What is expected —
Please write out exactly the lines of the data below from the line holding "Section Dist." through the line holding "(act : G -> M -> M) (x", and leave out the rest.

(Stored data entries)

┄┄┄┄┄┄

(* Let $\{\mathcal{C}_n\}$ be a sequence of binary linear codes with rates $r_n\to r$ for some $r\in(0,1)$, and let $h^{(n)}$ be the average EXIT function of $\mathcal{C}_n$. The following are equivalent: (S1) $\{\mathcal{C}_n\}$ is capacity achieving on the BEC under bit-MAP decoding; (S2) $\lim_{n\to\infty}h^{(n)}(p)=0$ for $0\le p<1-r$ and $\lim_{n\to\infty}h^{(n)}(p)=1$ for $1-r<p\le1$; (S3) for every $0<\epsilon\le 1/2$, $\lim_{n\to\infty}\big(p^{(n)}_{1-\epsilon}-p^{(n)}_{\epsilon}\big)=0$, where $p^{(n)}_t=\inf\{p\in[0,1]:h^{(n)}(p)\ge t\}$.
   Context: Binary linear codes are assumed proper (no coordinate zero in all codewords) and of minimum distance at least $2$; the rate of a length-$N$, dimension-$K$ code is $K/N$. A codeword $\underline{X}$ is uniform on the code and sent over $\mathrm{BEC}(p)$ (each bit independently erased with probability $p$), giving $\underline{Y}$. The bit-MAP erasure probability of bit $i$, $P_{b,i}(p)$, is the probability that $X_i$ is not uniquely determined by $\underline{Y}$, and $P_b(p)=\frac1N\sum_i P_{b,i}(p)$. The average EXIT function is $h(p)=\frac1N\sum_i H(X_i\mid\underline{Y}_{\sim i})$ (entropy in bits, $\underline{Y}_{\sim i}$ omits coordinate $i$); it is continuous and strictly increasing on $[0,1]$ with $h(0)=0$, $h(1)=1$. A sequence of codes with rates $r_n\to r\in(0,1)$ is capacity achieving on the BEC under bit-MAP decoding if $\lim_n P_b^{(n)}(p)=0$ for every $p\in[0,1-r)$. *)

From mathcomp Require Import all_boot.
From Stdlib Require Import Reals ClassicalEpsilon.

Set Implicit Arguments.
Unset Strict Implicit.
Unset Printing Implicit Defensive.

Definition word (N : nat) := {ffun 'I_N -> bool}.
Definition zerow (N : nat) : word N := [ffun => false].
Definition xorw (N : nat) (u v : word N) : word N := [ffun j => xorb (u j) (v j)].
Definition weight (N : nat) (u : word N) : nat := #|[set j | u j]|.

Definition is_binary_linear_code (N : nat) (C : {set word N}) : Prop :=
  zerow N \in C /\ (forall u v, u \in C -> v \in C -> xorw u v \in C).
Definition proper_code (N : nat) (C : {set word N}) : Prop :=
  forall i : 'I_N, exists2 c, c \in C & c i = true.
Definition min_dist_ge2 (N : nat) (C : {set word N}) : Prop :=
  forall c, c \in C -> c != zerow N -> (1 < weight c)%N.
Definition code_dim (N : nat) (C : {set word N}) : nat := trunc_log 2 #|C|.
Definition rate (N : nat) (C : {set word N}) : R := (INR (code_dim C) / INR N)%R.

┄┄┄┄┄┄

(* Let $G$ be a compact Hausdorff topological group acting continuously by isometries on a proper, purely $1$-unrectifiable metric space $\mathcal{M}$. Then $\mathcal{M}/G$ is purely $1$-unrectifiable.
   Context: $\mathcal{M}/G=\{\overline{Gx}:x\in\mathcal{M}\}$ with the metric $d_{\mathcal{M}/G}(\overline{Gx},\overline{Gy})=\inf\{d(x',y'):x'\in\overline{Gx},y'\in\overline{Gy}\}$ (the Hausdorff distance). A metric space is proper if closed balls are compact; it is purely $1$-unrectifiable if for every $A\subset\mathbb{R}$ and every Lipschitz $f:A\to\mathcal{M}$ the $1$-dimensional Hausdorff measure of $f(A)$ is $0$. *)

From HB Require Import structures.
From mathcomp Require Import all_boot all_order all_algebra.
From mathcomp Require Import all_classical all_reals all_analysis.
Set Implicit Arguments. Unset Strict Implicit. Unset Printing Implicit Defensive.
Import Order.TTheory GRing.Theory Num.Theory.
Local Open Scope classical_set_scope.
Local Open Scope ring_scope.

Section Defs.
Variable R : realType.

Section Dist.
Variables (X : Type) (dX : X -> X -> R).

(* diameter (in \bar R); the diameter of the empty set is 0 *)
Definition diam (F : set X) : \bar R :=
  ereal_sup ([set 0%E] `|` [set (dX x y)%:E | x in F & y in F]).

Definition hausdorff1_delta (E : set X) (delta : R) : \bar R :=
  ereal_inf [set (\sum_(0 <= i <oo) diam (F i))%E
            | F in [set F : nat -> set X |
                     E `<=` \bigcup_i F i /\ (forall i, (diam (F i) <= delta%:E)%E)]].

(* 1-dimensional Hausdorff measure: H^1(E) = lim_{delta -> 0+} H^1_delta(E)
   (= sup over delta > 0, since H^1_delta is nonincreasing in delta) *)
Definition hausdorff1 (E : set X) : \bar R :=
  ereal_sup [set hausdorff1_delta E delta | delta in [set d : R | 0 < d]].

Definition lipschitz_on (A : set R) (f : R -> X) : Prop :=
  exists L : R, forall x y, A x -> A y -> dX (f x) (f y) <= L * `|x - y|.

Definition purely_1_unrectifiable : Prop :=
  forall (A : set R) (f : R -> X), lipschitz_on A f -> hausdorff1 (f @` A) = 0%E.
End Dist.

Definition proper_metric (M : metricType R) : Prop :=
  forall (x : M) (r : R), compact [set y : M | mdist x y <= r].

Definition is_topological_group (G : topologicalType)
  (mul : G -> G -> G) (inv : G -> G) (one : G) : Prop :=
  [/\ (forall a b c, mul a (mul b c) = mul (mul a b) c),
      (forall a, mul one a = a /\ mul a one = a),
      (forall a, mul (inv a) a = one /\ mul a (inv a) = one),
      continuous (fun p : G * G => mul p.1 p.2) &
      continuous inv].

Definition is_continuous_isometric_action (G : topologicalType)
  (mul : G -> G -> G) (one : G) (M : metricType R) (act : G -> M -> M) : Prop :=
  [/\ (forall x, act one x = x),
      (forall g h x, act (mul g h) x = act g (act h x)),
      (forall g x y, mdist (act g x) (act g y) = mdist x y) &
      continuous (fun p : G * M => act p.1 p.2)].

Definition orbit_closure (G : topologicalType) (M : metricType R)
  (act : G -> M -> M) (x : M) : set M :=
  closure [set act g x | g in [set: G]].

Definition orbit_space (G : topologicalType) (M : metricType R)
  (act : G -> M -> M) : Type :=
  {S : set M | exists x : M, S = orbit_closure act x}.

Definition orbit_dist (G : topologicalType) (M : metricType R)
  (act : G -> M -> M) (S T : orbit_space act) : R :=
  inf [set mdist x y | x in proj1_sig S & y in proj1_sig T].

┄┄┄┄┄┄

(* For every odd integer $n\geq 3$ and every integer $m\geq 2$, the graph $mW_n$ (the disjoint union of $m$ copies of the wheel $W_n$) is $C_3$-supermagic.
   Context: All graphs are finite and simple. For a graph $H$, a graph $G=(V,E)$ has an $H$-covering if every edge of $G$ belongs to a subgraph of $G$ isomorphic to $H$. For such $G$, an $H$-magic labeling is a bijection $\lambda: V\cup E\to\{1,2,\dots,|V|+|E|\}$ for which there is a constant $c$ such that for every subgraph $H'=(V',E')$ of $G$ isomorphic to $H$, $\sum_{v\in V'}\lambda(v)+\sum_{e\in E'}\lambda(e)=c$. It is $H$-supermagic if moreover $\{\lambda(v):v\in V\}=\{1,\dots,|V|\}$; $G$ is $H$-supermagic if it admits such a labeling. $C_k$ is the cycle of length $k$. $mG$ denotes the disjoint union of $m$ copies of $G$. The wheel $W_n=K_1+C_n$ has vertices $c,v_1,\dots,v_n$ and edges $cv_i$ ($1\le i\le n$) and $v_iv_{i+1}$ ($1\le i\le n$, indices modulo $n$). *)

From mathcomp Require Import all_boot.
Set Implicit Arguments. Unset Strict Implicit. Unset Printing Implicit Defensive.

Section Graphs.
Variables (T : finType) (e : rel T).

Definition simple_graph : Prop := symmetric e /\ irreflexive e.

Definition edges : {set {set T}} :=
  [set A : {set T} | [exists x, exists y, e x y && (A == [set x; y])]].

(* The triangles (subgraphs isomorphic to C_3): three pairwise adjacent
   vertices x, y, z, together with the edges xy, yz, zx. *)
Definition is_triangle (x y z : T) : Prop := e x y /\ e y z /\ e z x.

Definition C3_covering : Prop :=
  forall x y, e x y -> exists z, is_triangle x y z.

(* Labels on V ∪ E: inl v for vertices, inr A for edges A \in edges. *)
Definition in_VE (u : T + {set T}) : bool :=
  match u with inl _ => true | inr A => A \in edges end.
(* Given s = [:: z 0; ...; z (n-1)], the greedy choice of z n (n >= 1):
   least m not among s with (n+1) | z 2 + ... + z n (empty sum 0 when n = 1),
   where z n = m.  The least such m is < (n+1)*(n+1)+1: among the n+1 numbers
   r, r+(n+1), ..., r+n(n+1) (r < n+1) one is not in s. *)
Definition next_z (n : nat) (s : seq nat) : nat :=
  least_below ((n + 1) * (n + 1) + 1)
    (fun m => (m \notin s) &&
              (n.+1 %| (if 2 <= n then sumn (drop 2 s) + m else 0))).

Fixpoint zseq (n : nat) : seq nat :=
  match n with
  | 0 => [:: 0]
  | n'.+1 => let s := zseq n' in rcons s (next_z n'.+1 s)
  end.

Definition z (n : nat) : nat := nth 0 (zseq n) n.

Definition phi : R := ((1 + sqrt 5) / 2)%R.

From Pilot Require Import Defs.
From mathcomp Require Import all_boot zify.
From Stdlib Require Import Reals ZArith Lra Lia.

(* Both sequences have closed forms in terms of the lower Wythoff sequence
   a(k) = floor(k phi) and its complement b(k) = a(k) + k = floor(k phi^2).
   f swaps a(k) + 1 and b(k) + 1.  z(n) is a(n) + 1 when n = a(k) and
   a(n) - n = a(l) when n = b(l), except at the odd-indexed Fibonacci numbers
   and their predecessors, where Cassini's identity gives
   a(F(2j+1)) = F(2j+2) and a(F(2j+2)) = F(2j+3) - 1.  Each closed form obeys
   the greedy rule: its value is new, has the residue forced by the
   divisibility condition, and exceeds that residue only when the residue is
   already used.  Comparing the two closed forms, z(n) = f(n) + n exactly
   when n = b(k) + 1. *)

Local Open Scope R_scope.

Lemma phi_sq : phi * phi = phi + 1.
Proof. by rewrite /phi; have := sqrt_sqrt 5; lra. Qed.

┄┄┄┄┄┄

Answer to the problem —
Section Dist.
Variables (X : Type) (dX : X -> X -> R).

(* diameter (in \bar R); the diameter of the empty set is 0 *)
Definition diam (F : set X) : \bar R :=
  ereal_sup ([set 0%E] `|` [set (dX x y)%:E | x in F & y in F]).

Definition hausdorff1_delta (E : set X) (delta : R) : \bar R :=
  ereal_inf [set (\sum_(0 <= i <oo) diam (F i))%E
            | F in [set F : nat -> set X |
                     E `<=` \bigcup_i F i /\ (forall i, (diam (F i) <= delta%:E)%E)]].

(* 1-dimensional Hausdorff measure: H^1(E) = lim_{delta -> 0+} H^1_delta(E)
   (= sup over delta > 0, since H^1_delta is nonincreasing in delta) *)
Definition hausdorff1 (E : set X) : \bar R :=
  ereal_sup [set hausdorff1_delta E delta | delta in [set d : R | 0 < d]].

Definition lipschitz_on (A : set R) (f : R -> X) : Prop :=
  exists L : R, forall x y, A x -> A y -> dX (f x) (f y) <= L * `|x - y|.

Definition purely_1_unrectifiable : Prop :=
  forall (A : set R) (f : R -> X), lipschitz_on A f -> hausdorff1 (f @` A) = 0%E.
End Dist.

Definition proper_metric (M : metricType R) : Prop :=
  forall (x : M) (r : R), compact [set y : M | mdist x y <= r].

Definition is_topological_group (G : topologicalType)
  (mul : G -> G -> G) (inv : G -> G) (one : G) : Prop :=
  [/\ (forall a b c, mul a (mul b c) = mul (mul a b) c),
      (forall a, mul one a = a /\ mul a one = a),
      (forall a, mul (inv a) a = one /\ mul a (inv a) = one),
      continuous (fun p : G * G => mul p.1 p.2) &
      continuous inv].

Definition is_continuous_isometric_action (G : topologicalType)
  (mul : G -> G -> G) (one : G) (M : metricType R) (act : G -> M -> M) : Prop :=
  [/\ (forall x, act one x = x),
      (forall g h x, act (mul g h) x = act g (act h x)),
      (forall g x y, mdist (act g x) (act g y) = mdist x y) &
      continuous (fun p : G * M => act p.1 p.2)].

Definition orbit_closure (G : topologicalType) (M : metricType R)
  (act : G -> M -> M) (x : M) : set M :=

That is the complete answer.